(* In any execution of $\mathcal{U}$, for every operation $o$: if $h(o) = (t(o), NULL)$ at time $T$ and $o$ is not done at time $T' \geq T$, then $h(o) = (t(o), NULL)$ throughout the interval $[T, T']$.
   Context: Model: an asynchronous shared-memory system with possibly infinitely many processes, any of which may crash, communicating via atomic shared objects. A fetch-and-increment (F\&I) object stores an integer; F\&I$(C)$ atomically returns the current value and increments it. A generalized-compare-and-swap (GCAS) object $O$ stores a value and supports Read$(O)$ and GCAS$(c, O, v_1, v_2)$, which atomically does: if $c(\text{current value of } O, v_1)$ holds then set $O := v_2$ and return true, else return false. Tuples are compared componentwise for $=$; GCAS$(>, A, (t,-,-), v)$ succeeds iff the time field of $A$ is strictly greater than $t$. Implemented type $\mathcal{T} = (OP, RES, Q, \delta)$ with initial state $s_0$; a procedure $apply_{\mathcal{T}}(o,s)$ returns some $(s',r)$ with $(s,o,s',r)\in\delta$. $NULL$ is a value different from every response of $\mathcal{T}$, and $NOOP$ is a name different from every operation of $\mathcal{T}$. Algorithm $\mathcal{U}$: each process $p$ owns a GCAS object $H_p$ with fields $(time, response)$. Shared objects: F\&I object $C$, initially $1$; GCAS object $A$ with fields $(time, op, ptr)$, initially $(0, NOOP, h(NOOP))$, where $h(NOOP)$ is a pointer to an immutable location containing $(0,\perp)$; GCAS object $S$ with fields $(time, state, response, ptr)$, initially $(0, s_0, \perp, h(NOOP))$. Process $p$ performs operation $o$ by calling DoOp$(o)$: (1) DoOp$(o)$ invoked; (2) $t := $ F\&I$(C)$; (3) $H_p := (t, NULL)$; (4) while $H_p = (t, NULL)$ do: (5) $(t^*, s^*, r^*, roptr^* ) := S$; (6) GCAS$(=, *roptr^*, (t^*, NULL), (t^*, r^* ))$; (7) GCAS$(>, A, (t,-,-), (t, o, \&H_p))$; (8) $(t', o', roptr') := A$; (9) $(\hat t, \hat r) := *roptr'$; (10) if $(\hat t,\hat r) = (t', NULL)$ then (11) $(s', r') := apply_{\mathcal{T}}(o', s^* )$; (12) GCAS$(=, S, (t^*,s^*,r^*,roptr^* ), (t', s', r', roptr'))$; (13) else GCAS$(=, A, (t', o', roptr'), (t, o, \&H_p))$; end while; (14) return $H_p.response$. Notation: an ''operation'' $o$ means one invocation of DoOp$(o)$. $p(o)$ is the process executing it; $t(o)$ is the value returned by its F\&I at line 2, or $\infty$ if line 2 has not been executed; $h(o)$ is $H_{p(o)}$. Operation $o$ is done at time $T$ if at some time $T'\le T$, $h(o) = (t(o), r)$ with $r \neq NULL$. *)

(* Operational model of algorithm U (asynchronous interleaving
   semantics, every shared-memory access is one atomic step). *)
From Stdlib Require Import Arith.
Set Implicit Arguments.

#####

## Assigned task
Nothing should be left out. Reproduce all the entries precisely.

## Written solution
(* In any execution of $\mathcal{U}$, for every operation $o$: if $h(o) = (t(o), NULL)$ at time $T$ and $o$ is not done at time $T' \geq T$, then $h(o) = (t(o), NULL)$ throughout the interval $[T, T']$.
   Context: Model: an asynchronous shared-memory system with possibly infinitely many processes, any of which may crash, communicating via atomic shared objects. A fetch-and-increment (F\&I) object stores an integer; F\&I$(C)$ atomically returns the current value and increments it. A generalized-compare-and-swap (GCAS) object $O$ stores a value and supports Read$(O)$ and GCAS$(c, O, v_1, v_2)$, which atomically does: if $c(\text{current value of } O, v_1)$ holds then set $O := v_2$ and return true, else return false. Tuples are compared componentwise for $=$; GCAS$(>, A, (t,-,-), v)$ succeeds iff the time field of $A$ is strictly greater than $t$. Implemented type $\mathcal{T} = (OP, RES, Q, \delta)$ with initial state $s_0$; a procedure $apply_{\mathcal{T}}(o,s)$ returns some $(s',r)$ with $(s,o,s',r)\in\delta$. $NULL$ is a value different from every response of $\mathcal{T}$, and $NOOP$ is a name different from every operation of $\mathcal{T}$. Algorithm $\mathcal{U}$: each process $p$ owns a GCAS object $H_p$ with fields $(time, response)$. Shared objects: F\&I object $C$, initially $1$; GCAS object $A$ with fields $(time, op, ptr)$, initially $(0, NOOP, h(NOOP))$, where $h(NOOP)$ is a pointer to an immutable location containing $(0,\perp)$; GCAS object $S$ with fields $(time, state, response, ptr)$, initially $(0, s_0, \perp, h(NOOP))$. Process $p$ performs operation $o$ by calling DoOp$(o)$: (1) DoOp$(o)$ invoked; (2) $t := $ F\&I$(C)$; (3) $H_p := (t, NULL)$; (4) while $H_p = (t, NULL)$ do: (5) $(t^*, s^*, r^*, roptr^* ) := S$; (6) GCAS$(=, *roptr^*, (t^*, NULL), (t^*, r^* ))$; (7) GCAS$(>, A, (t,-,-), (t, o, \&H_p))$; (8) $(t', o', roptr') := A$; (9) $(\hat t, \hat r) := *roptr'$; (10) if $(\hat t,\hat r) = (t', NULL)$ then (11) $(s', r') := apply_{\mathcal{T}}(o', s^* )$; (12) GCAS$(=, S, (t^*,s^*,r^*,roptr^* ), (t', s', r', roptr'))$; (13) else GCAS$(=, A, (t', o', roptr'), (t, o, \&H_p))$; end while; (14) return $H_p.response$. Notation: an ''operation'' $o$ means one invocation of DoOp$(o)$. $p(o)$ is the process executing it; $t(o)$ is the value returned by its F\&I at line 2, or $\infty$ if line 2 has not been executed; $h(o)$ is $H_{p(o)}$. Operation $o$ is done at time $T$ if at some time $T'\le T$, $h(o) = (t(o), r)$ with $r \neq NULL$. *)

(* Operational model of algorithm U (asynchronous interleaving
   semantics, every shared-memory access is one atomic step). *)
From Stdlib Require Import Arith.
Set Implicit Arguments.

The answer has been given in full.